ITEM 7. MANAGEMENT'S DISCUSSION AND ANALYSIS OF FINANCIAL CONDITION AND RESULTS OF
OPERATIONS
OVERVIEW
The Company's fiscal year ends on the Saturday closest to January 31, typically resulting in a fifty-two week year, but
occasionally giving rise to an additional week, resulting in a fifty-three week year.

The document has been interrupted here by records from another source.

(* In any finite ELP, for any policy $\pi$ (the conjugate policy), $Q^*\in\arg\min_{Q\in\mathcal Q}\max_{\lambda\ge0}\mathcal L_\pi(Q,\lambda)$. Equivalently, $Q^*$ is an optimal solution of the problem: minimize $\mathbb E_\pi[Q(S_T,A_T)]$ over $Q\in\mathcal Q$ subject to $Q(s,a)\ge\mathcal BQ(s,a)$ for all $(s,a)$.
   Context: A finite ELP is $(\mathcal S,\mathcal A,P,R,\rho)$ with finite $\mathcal S,\mathcal A$, reward $R:\mathcal S\to\mathbb R$, transitions $P(s'|s,a)$, distribution $\rho$, and nonempty terminal set $\mathcal S_\bot$. Under a policy $\pi$, $S_0$ is a fixed terminal state, $A_t\sim\pi(\cdot|S_t)$, $S_{t+1}\sim P(\cdot|S_t,A_t)$, and $T=\inf\{t\ge1:S_t\in\mathcal S_\bot\}$. ELP conditions: $\mathbb E_\pi[T]<\infty$ for every $\pi$; $P(s'|s,a)=\rho(s')$ for all $s\in\mathcal S_\bot$, all $a,s'$; every state is reachable under some policy. $\mathcal Q$ = all functions $\mathcal S\times\mathcal A\to\mathbb R$. $\gamma_{\mathrm{epi}}(s)=\mathbf 1[s\notin\mathcal S_\bot]$; the Bellman operator is $\mathcal BQ(s,a)=\sum_{s'}P(s'|s,a)\big(R(s')+\gamma_{\mathrm{epi}}(s')\max_{a'}Q(s',a')\big)$, and $Q^*$ is its unique fixed point. For a policy $\pi$, the Lagrangian is $\mathcal L_\pi(Q,\lambda)=\mathbb E_\pi[Q(S_T,A_T)]+\sum_{s,a}\lambda(s,a)\big(\mathcal BQ(s,a)-Q(s,a)\big)$ for $Q\in\mathcal Q$ and $\lambda:\mathcal S\times\mathcal A\to[0,\infty)$ (written $\lambda\ge0$), where $A_T\sim\pi(\cdot|S_T)$. *)

From HB Require Import structures.
From mathcomp Require Import all_boot all_order all_algebra.
From mathcomp Require Import all_classical all_reals all_analysis.
Set Implicit Arguments. Unset Strict Implicit. Unset Printing Implicit Defensive.
Import Order.TTheory GRing.Theory Num.Theory.
Local Open Scope ring_scope.
Import numFieldNormedType.Exports.
Local Open Scope classical_set_scope.

Section ELP.
Variables (R : realType) (S A : finType).

Definition is_distr (T : finType) (p : T -> R) : Prop :=
  (forall x, 0 <= p x) /\ \sum_(x : T) p x = 1.

Definition is_policy (pi : S -> A -> R) : Prop := forall s, is_distr (pi s).

Variables (P : S -> A -> S -> R) (Rw : S -> R) (rho : S -> R) (Sbot : {set S}).

(* dist pi n s = Pr_pi(S_{n+1} = s, T >= n+1), the law of the state at time n+1
   restricted to trajectories that have not terminated before time n+1.
   S_0 is terminal, so S_1 ~ P(.|S_0,A_0) = rho. *)
Fixpoint dist (pi : S -> A -> R) (n : nat) : S -> R :=
  match n with
  | 0 => rho
  | n'.+1 => fun s' =>
      \sum_(s : S | s \notin Sbot) dist pi n' s * \sum_(a : A) pi s a * P s a s'
  end.

(* Pr_pi(T >= n+1) *)
Definition survival (pi : S -> A -> R) (n : nat) : R := \sum_(s : S) dist pi n s.

(* E_pi[T] < oo : E_pi[T] = sum_{n>=0} Pr(T >= n+1) is a convergent series *)
Definition finite_expected_T (pi : S -> A -> R) : Prop := cvgn (series (survival pi)).

(* Pr_pi(S_T = s) for s terminal : sum_{n>=0} Pr(T = n+1, S_{n+1} = s) *)
Definition hitting_prob (pi : S -> A -> R) (s : S) : R :=
  if s \in Sbot then limn (series (fun n => dist pi n s)) else 0.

A store is included in comparable store sales when
it has been open as the same brand at least one year and its square footage has not been expanded or reduced by more than 20% within
the past year.
For purposes of this "ITEM 7. MANAGEMENT'S DISCUSSION AND ANALYSIS OF FINANCIAL CONDITION AND
RESULTS OF OPERATIONS," the fifty-two week period ended January 29, 2011 is compared to the fifty-two week period ended
January 30, 2010 and the fifty-two week period ended January 30, 2010 is compared to the fifty-two week period ended January 31,
2009.
The Company had net sales of $3.469 billion for the fifty-two weeks ended January 29, 2011, up 18.4% from $2.929 billion for
the fifty-two weeks ended January 30, 2010. Operating income for Fiscal 2010 was $231.9 million, which was up from $117.9 million
in Fiscal 2009. Net income from continuing operations was $150.3 million and net income per diluted share from continuing
operations was $1.67 in Fiscal 2010, compared to net income from continuing operations of $79.0 million and net income per diluted
share from continuing operations of $0.89 in Fiscal 2009.
Net income was $150.3 million and net income per diluted share was $1.67 in Fiscal 2010, compared to net income of
$0.3 million and net income per diluted share of $0.00 in Fiscal 2009.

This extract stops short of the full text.